Recognizing the appropriate underlying distribution can have a profound effect on the significance of estimates. The impact of varying distributional assumptions was evaluated by conducting a sensitivity analysis, using the intent-to-treat sample that we believe was used in the 2003 paper (n=1362, of whom 1022 have follow-ups), and the times-injected outcome measure. When we performed a two-way ANOVA (SAS PROC GLM) using the baseline and follow-up data for the 1022 completers, the intervention effect was not significant (p=0.44). When we performed a longitudinal random effects model assuming normality (PROC MIXED) using baseline data for all 1362 and follow-up data for the 1022 completers, the intervention effect was still insignificant (p=0.49).

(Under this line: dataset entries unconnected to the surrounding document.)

Lemma deg_hook_b0 : 2 < deg F (b 0).
Proof.
have <- : #|[set b 1; a 1; a 2]| = 3.
  by rewrite setUC cardsU1 cards2 !inE /= (inj_eq inl_inj) -val_eqE /= !inordK.
apply: deg_ge_card => w /set3P[]-> /=.
- by rewrite /path_graph !inordK.
- by apply/eqP/ord_inj; rewrite hook_inord ?inordK.
- by apply/eqP/ord_inj; rewrite hook_inord ?inordK.
Qed.

(* The neighbours of b_1 are b_0, b_2 and a_0, and a_0, b_0 have different degrees. *)
Lemma hook_fix_inr0_inl0 : s (b 0) = b 0 /\ s (a 0) = a 0.
Proof.
have b1_nbr w : F (b 1) w -> [\/ w = b 0, w = b 2 | w = a 0].
  case: w => [x|y] /=.
    move/eqP/(congr1 val); rewrite /= hook_val inordK //.
    case: (eqVneq x ord0) => [-> _|//]; constructor 3; congr inl.
    by apply: ord_inj; rewrite inordK.
  rewrite /path_graph inordK // => /orP[] /eqP yE; [constructor 2 | constructor 1].
    by rewrite (inord_eq (esym yE)).
  by rewrite (@inord_eq _ y 0) //; lia.
have fix_b1 := hook_fix_inr_pos (isT : 0 < 1) (isT : 1 <= m.+2).
have fix_b2 := hook_fix_inr_pos (isT : 0 < 2) (isT : 2 <= m.+2).
have b1_a0 : F (b 1) (a 0) by rewrite /= -val_eqE /= hook_inord ?inordK.
have b1_b0 : F (b 1) (b 0) by rewrite /= /path_graph !inordK.
have fix_a0 : s (a 0) = a 0.
  apply: (aut_fix_neighbor As fix_b1 b1_a0) => w /b1_nbr[]->;
    [constructor 3 | constructor 2 | constructor 1] => //.
  by have := deg_hook_b0; have := deg_hook_a0; lia.
split=> //; apply: (aut_fix_neighbor As fix_b1 b1_b0) => w /b1_nbr[]->;
  by [constructor 1 | constructor 2].
Qed.

Lemma hook_fix_inr y : s (inr y) = inr y.
Proof.
rewrite -(inord_val y); have [->|y_pos] := posnP y; first exact: hook_fix_inr0_inl0.1.
by apply: hook_fix_inr_pos; rewrite // -ltnS.
Qed.

Lemma hook_rigid : s = 1%g.
Proof.
apply/permP => -[x|y]; rewrite perm1 ?hook_fix_inr // -(inord_val x).
apply: (aut_fix_chain (f := fun i => a i) (k := m.+2) As); last by rewrite -ltnS.
- exact: hook_fix_inr0_inl0.2.
- by move=> i lt_i; rewrite /= /path_graph !inordK ?eqxx // ltnW.
move=> i [w|w] lt_i /=; last by rewrite hook_fix_inr; constructor 3.
by move/path_graph_nbr/(_ (ltnW lt_i))=> [|] ->; [constructor 1 | constructor 2].
Qed.

End HookedPath.

Lemma fixnum_hooked_path m : fixnum (functigraph (path_graph m.+3) (@hook m)) = 0.
Proof.
apply/eqP; rewrite -leqn0 -(@cards0 ('I_m.+3 + 'I_m.+3)%type).
by apply/fixnum_le_card/fixing_setP => s As _; apply: hook_rigid.
Qed.

Theorem mainTheorem2 :
  (forall (T : finType) (e : rel T) (g : T -> T),
      simple_graph e -> connected_graph e -> symmetric_graph e -> 3 <= #|T| ->
      1 <= fixnum e + fixnum (functigraph e g) <= 3 * #|T| - 4)
  /\
  (forall n : nat, 3 <= n ->
     (exists (T : finType) (e : rel T) (g : T -> T),
        [/\ #|T| = n, simple_graph e, connected_graph e, symmetric_graph e
          & fixnum e + fixnum (functigraph e g) = 1])
     /\
     (exists (T : finType) (e : rel T) (g : T -> T),
        [/\ #|T| = n, simple_graph e, connected_graph e, symmetric_graph e
          & fixnum e + fixnum (functigraph e g) = 3 * n - 4])).
Proof.
split=> [T e g|n n3]; first exact: fixnum_functigraph_bounds.
have -> : n = (n - 3).+3 by lia.
move: (n - 3) => m; split.
  exists 'I_m.+3, (path_graph m.+3), (@hook m); split.
  - exact: card_ord.
  - exact: path_graph_simple.
  - exact: path_graph_connected.
  - by rewrite /symmetric_graph fixnum_path_graph.
  - by rewrite fixnum_path_graph fixnum_hooked_path.
exists 'I_m.+3, (@complete_graph 'I_m.+3), (fun=> ord0); split.
- exact: card_ord.
- exact: complete_graph_simple.
- exact: complete_graph_connected.
- by apply: complete_graph_symmetric; rewrite card_ord.
- by rewrite fixnum_complete_functigraph_sum ?card_ord.
Qed.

However, when we performed a random effects model assuming a Poisson distribution (PROC GLIMMIX), with 1362 baseline observations and 1022 follow-ups, the intervention was highly significant (p<0.001). Moving to the appropriate analysis method can clearly have a very strong effect on the significance of findings.

Table 1. A comparison of outcome measures from the 2003 and 2009 papers.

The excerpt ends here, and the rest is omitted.